Material provided START

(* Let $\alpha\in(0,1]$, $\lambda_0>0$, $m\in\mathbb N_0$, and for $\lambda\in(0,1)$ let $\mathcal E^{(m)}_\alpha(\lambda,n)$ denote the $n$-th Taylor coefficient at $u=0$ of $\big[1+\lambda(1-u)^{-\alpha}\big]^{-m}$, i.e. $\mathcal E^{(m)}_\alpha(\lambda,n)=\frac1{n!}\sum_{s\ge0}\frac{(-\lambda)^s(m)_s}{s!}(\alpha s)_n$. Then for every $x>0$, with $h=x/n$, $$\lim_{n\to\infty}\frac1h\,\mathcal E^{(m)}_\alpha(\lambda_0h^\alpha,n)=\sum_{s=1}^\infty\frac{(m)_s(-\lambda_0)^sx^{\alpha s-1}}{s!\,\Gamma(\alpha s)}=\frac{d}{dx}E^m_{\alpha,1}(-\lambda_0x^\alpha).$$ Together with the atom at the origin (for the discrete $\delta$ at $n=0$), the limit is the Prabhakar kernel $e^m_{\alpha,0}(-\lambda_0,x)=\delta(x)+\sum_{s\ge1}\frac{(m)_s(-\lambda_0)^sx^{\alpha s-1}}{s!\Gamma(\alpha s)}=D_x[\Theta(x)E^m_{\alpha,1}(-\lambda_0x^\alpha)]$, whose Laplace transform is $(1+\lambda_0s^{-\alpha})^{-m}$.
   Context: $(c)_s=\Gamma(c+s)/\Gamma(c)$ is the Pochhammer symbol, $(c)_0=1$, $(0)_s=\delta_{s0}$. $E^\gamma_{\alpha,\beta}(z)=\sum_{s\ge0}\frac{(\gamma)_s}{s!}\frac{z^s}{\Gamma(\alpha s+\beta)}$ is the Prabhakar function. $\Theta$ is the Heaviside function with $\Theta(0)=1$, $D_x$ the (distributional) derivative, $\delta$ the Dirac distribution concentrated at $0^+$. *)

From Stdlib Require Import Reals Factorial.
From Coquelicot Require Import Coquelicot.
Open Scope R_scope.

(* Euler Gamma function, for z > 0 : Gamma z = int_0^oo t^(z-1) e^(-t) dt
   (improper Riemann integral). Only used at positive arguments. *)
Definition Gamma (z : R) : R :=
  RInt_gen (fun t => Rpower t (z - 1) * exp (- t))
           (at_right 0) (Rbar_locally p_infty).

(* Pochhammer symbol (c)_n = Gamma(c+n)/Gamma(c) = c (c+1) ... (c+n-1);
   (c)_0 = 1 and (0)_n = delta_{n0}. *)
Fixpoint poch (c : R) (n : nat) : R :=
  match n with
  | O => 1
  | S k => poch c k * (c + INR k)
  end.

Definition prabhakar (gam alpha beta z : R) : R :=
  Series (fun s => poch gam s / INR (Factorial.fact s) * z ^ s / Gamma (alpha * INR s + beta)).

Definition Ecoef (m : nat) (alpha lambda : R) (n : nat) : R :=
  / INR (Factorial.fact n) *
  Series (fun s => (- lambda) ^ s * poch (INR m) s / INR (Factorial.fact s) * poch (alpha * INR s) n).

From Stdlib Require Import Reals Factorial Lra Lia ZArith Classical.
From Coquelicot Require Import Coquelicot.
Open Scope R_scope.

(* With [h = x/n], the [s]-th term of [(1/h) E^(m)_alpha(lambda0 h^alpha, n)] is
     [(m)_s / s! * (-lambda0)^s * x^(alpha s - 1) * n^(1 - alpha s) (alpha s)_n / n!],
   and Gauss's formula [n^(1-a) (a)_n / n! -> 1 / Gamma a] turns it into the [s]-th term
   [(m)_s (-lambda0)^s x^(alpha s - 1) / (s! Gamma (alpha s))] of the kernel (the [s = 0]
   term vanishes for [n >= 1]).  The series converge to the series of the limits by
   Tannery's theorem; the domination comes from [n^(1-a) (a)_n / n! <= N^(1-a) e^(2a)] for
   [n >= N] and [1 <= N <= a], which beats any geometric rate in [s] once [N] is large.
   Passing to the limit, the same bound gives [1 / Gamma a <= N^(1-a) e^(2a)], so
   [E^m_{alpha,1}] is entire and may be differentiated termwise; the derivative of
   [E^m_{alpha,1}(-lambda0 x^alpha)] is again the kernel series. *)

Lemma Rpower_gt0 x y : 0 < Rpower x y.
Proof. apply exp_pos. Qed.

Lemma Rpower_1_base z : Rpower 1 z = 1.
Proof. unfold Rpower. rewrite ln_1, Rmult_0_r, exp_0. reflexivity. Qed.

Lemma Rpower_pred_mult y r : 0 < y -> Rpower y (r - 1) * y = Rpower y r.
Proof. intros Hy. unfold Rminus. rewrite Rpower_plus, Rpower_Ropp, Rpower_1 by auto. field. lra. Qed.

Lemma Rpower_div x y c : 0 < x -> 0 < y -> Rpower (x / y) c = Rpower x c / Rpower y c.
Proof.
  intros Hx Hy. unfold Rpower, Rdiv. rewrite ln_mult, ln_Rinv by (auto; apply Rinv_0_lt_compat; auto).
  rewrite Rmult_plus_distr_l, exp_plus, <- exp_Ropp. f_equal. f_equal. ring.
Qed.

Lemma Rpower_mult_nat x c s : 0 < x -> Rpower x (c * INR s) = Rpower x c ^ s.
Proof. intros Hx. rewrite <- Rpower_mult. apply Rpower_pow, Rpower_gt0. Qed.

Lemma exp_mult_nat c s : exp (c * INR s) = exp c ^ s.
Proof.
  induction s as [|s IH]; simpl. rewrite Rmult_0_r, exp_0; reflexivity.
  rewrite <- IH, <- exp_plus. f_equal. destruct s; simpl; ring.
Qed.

Material provided END
Material provided START

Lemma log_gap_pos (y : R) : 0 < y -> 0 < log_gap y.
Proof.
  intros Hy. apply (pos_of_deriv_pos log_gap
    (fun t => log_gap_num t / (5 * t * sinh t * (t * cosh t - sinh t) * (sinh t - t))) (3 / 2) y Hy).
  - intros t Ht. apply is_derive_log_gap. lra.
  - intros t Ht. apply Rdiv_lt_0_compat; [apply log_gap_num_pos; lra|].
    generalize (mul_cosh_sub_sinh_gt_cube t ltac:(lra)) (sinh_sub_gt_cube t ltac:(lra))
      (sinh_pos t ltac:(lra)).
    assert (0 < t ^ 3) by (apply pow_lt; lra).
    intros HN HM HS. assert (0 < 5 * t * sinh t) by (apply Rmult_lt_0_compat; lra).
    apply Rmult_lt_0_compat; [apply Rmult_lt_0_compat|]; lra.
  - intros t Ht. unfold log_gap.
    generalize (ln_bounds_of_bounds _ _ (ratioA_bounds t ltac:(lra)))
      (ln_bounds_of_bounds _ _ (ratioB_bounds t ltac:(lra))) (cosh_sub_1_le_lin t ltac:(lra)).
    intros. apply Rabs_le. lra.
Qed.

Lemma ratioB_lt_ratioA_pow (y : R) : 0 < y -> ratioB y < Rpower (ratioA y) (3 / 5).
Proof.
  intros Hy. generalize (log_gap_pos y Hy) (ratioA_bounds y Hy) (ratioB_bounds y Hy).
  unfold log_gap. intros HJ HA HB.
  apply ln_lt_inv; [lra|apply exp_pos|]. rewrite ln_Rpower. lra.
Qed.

Material provided END

| Instructions for the task |
Take the stretch of lines above from the one containing "RInt_gen (fun t" through the one containing "Passing to the" and repeat it exactly, adding no other line.

| Solved exercise |
  RInt_gen (fun t => Rpower t (z - 1) * exp (- t))
           (at_right 0) (Rbar_locally p_infty).

(* Pochhammer symbol (c)_n = Gamma(c+n)/Gamma(c) = c (c+1) ... (c+n-1);
   (c)_0 = 1 and (0)_n = delta_{n0}. *)
Fixpoint poch (c : R) (n : nat) : R :=
  match n with
  | O => 1
  | S k => poch c k * (c + INR k)
  end.

Definition prabhakar (gam alpha beta z : R) : R :=
  Series (fun s => poch gam s / INR (Factorial.fact s) * z ^ s / Gamma (alpha * INR s + beta)).

Definition Ecoef (m : nat) (alpha lambda : R) (n : nat) : R :=
  / INR (Factorial.fact n) *
  Series (fun s => (- lambda) ^ s * poch (INR m) s / INR (Factorial.fact s) * poch (alpha * INR s) n).

From Stdlib Require Import Reals Factorial Lra Lia ZArith Classical.
From Coquelicot Require Import Coquelicot.
Open Scope R_scope.

(* With [h = x/n], the [s]-th term of [(1/h) E^(m)_alpha(lambda0 h^alpha, n)] is
     [(m)_s / s! * (-lambda0)^s * x^(alpha s - 1) * n^(1 - alpha s) (alpha s)_n / n!],
   and Gauss's formula [n^(1-a) (a)_n / n! -> 1 / Gamma a] turns it into the [s]-th term
   [(m)_s (-lambda0)^s x^(alpha s - 1) / (s! Gamma (alpha s))] of the kernel (the [s = 0]
   term vanishes for [n >= 1]).  The series converge to the series of the limits by
   Tannery's theorem; the domination comes from [n^(1-a) (a)_n / n! <= N^(1-a) e^(2a)] for
   [n >= N] and [1 <= N <= a], which beats any geometric rate in [s] once [N] is large.
   Passing to the limit, the same bound gives [1 / Gamma a <= N^(1-a) e^(2a)], so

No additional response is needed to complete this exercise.